__WORK ORDER__. If a line of the data contains the word "split", it is counted; report how many such lines there are and nothing else.

BEGIN TASK MATERIAL

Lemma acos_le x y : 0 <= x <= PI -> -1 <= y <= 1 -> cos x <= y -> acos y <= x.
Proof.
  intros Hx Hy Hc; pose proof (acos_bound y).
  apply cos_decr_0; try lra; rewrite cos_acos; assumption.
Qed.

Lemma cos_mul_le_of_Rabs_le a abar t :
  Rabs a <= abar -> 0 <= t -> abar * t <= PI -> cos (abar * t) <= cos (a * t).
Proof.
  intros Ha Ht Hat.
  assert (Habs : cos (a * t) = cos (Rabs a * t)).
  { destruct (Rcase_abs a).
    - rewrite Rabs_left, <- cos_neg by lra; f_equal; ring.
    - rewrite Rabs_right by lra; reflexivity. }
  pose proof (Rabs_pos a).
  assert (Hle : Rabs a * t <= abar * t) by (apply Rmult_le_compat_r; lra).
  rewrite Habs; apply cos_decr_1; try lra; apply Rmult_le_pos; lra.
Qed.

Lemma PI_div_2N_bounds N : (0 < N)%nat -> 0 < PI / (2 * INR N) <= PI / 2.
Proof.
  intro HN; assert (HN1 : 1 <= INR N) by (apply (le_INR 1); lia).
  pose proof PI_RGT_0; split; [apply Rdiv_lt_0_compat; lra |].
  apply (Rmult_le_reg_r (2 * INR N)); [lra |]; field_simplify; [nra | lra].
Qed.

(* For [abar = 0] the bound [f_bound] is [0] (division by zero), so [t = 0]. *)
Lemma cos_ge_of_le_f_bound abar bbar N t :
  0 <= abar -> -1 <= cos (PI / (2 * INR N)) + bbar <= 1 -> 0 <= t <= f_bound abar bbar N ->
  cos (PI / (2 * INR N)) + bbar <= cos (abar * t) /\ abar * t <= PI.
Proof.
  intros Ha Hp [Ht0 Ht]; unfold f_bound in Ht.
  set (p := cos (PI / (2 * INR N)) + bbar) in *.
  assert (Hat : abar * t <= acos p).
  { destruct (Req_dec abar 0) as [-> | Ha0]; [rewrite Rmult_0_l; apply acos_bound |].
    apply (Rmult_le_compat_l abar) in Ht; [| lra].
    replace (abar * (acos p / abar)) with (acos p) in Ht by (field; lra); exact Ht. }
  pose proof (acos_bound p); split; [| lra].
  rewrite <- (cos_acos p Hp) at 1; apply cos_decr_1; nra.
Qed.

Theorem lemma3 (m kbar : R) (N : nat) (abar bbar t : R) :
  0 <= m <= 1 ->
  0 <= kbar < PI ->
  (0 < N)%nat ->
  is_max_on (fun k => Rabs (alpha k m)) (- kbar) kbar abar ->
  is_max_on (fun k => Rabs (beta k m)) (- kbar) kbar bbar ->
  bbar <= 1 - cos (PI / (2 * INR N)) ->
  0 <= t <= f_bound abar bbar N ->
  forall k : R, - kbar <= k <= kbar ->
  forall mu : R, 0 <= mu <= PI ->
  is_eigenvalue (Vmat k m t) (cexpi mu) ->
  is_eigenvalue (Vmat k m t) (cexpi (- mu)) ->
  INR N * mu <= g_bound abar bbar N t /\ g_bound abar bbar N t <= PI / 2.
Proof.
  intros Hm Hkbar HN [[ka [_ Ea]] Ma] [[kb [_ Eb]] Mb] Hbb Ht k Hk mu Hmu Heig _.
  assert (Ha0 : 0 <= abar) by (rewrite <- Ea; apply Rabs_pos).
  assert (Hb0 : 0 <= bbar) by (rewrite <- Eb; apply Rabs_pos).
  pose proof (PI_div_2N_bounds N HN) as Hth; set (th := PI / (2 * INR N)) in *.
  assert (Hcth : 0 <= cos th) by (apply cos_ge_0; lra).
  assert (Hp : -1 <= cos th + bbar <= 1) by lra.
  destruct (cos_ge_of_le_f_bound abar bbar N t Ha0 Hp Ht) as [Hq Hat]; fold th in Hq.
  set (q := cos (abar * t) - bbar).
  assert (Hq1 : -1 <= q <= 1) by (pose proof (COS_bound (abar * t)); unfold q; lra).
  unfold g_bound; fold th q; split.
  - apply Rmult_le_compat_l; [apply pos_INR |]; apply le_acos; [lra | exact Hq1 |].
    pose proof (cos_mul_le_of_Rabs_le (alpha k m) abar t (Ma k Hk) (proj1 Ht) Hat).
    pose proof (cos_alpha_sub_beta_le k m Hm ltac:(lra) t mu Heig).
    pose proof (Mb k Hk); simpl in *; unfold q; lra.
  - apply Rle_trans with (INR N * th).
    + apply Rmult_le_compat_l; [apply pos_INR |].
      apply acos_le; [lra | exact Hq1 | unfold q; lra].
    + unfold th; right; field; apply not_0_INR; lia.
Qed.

END TASK MATERIAL
BEGIN TASK MATERIAL

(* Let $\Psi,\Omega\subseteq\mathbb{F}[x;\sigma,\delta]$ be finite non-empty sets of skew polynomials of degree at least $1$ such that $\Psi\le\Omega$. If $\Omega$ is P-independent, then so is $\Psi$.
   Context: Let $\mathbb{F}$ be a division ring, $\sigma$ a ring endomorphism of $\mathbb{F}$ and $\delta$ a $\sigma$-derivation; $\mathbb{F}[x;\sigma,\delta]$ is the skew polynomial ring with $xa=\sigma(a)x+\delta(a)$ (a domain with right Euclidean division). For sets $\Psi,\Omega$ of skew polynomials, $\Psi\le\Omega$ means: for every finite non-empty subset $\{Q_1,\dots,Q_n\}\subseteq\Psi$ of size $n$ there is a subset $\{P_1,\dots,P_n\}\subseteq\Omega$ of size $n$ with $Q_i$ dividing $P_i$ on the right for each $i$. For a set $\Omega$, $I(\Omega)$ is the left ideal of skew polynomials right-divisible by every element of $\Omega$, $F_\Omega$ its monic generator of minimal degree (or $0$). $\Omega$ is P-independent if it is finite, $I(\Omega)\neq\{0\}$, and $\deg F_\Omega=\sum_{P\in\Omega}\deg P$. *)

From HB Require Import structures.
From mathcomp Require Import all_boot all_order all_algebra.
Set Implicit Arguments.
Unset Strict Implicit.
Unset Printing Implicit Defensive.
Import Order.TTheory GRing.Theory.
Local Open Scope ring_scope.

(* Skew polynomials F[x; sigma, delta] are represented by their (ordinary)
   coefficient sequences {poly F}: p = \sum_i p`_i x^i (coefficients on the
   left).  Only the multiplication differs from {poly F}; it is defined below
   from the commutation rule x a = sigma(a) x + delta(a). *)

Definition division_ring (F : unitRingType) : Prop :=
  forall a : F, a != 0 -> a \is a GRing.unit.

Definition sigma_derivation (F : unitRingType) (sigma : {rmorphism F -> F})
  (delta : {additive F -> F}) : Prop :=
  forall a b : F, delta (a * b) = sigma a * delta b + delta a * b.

END TASK MATERIAL

__RESPONSE FOR THIS EXERCISE__. 3